Aim of the exercise:
Return the data exactly, but only from the line containing "by have /= ->" through its last line.

Data for the task:
Section CircleMean.
Context {R : realType}.
Local Notation I := (`[0%R, (2 * pi)%R]%classic : set R).
Local Notation mu := (@lebesgue_measure R).

Definition circle_mean (f : R -> R) : R := (2 * pi)^-1 * \int[mu]_(t in I) f t.

Lemma measurable_circle : @measurable _ (measurableTypeR R) I.
Proof. exact: measurable_itv. Qed.

Lemma lebesgue_measure_circle : mu I = (2 * pi)%:E.
Proof.
by rewrite lebesgue_measure_itv /= lte_fin mulr_gt0 ?pi_gt0 // oppr0 adde0.
Qed.

Lemma integrable_circle_bounded (f : R -> R) (M : R) :
  measurable_fun I f -> (forall t, I t -> `|f t| <= M) ->
  mu.-integrable I (EFin \o f).
Proof.
move=> mf bf.
apply: (measurable_bounded_integrable (mu := mu) measurable_circle) => //.
  by have /= -> := lebesgue_measure_circle; exact: ltry.
exists M; split; first exact: num_real.
by move=> N /ltW MN t /bf fM; exact: le_trans fM MN.
Qed.

Lemma lee_circle_mean (f : R -> R) (x : R) : mu.-integrable I (EFin \o f) ->
  (x%:E <= ((2 * pi)^-1)%:E * \int[mu]_(t in I) (f t)%:E)%E = (x <= circle_mean f).
Proof.
by move=> intf; rewrite -[X in (_ * X)%E]fineK ?integrable_fin_num // -EFinM lee_fin.
Qed.

Lemma circle_mean_cst (c : R) : circle_mean (fun=> c) = c.
Proof.
rewrite /circle_mean Rintegral_cst; last exact: measurable_circle.
have /= -> := lebesgue_measure_circle.
by rewrite mulrCA mulVf ?mulr1 // gt_eqF // mulr_gt0 ?pi_gt0.
Qed.

Section Linearity.
Context {f g : R -> R}.
Hypotheses (intf : mu.-integrable I (EFin \o f)) (intg : mu.-integrable I (EFin \o g)).

Lemma integrable_circleD : mu.-integrable I (EFin \o (fun t => f t + g t)).
Proof.
move: (integrableD measurable_circle intf intg).
by apply: eq_integrable => [|t _]; [exact: measurable_circle|].
Qed.

Lemma integrable_circleZ (a : R) : mu.-integrable I (EFin \o (fun t => a * f t)).
Proof.
move: (integrableZl measurable_circle a intf).
by apply: eq_integrable => [|t _]; [exact: measurable_circle|].
Qed.

Lemma circle_meanD : circle_mean (fun t => f t + g t) = circle_mean f + circle_mean g.
Proof. by rewrite /circle_mean (RintegralD measurable_circle intf intg) mulrDr. Qed.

Solved problem:
  by have /= -> := lebesgue_measure_circle; exact: ltry.
exists M; split; first exact: num_real.
by move=> N /ltW MN t /bf fM; exact: le_trans fM MN.
Qed.

Lemma lee_circle_mean (f : R -> R) (x : R) : mu.-integrable I (EFin \o f) ->
  (x%:E <= ((2 * pi)^-1)%:E * \int[mu]_(t in I) (f t)%:E)%E = (x <= circle_mean f).
Proof.
by move=> intf; rewrite -[X in (_ * X)%E]fineK ?integrable_fin_num // -EFinM lee_fin.
Qed.

Lemma circle_mean_cst (c : R) : circle_mean (fun=> c) = c.
Proof.
rewrite /circle_mean Rintegral_cst; last exact: measurable_circle.
have /= -> := lebesgue_measure_circle.
by rewrite mulrCA mulVf ?mulr1 // gt_eqF // mulr_gt0 ?pi_gt0.
Qed.

Section Linearity.
Context {f g : R -> R}.
Hypotheses (intf : mu.-integrable I (EFin \o f)) (intg : mu.-integrable I (EFin \o g)).

Lemma integrable_circleD : mu.-integrable I (EFin \o (fun t => f t + g t)).
Proof.
move: (integrableD measurable_circle intf intg).
by apply: eq_integrable => [|t _]; [exact: measurable_circle|].
Qed.

Lemma integrable_circleZ (a : R) : mu.-integrable I (EFin \o (fun t => a * f t)).
Proof.
move: (integrableZl measurable_circle a intf).
by apply: eq_integrable => [|t _]; [exact: measurable_circle|].
Qed.

Lemma circle_meanD : circle_mean (fun t => f t + g t) = circle_mean f + circle_mean g.
Proof. by rewrite /circle_mean (RintegralD measurable_circle intf intg) mulrDr. Qed.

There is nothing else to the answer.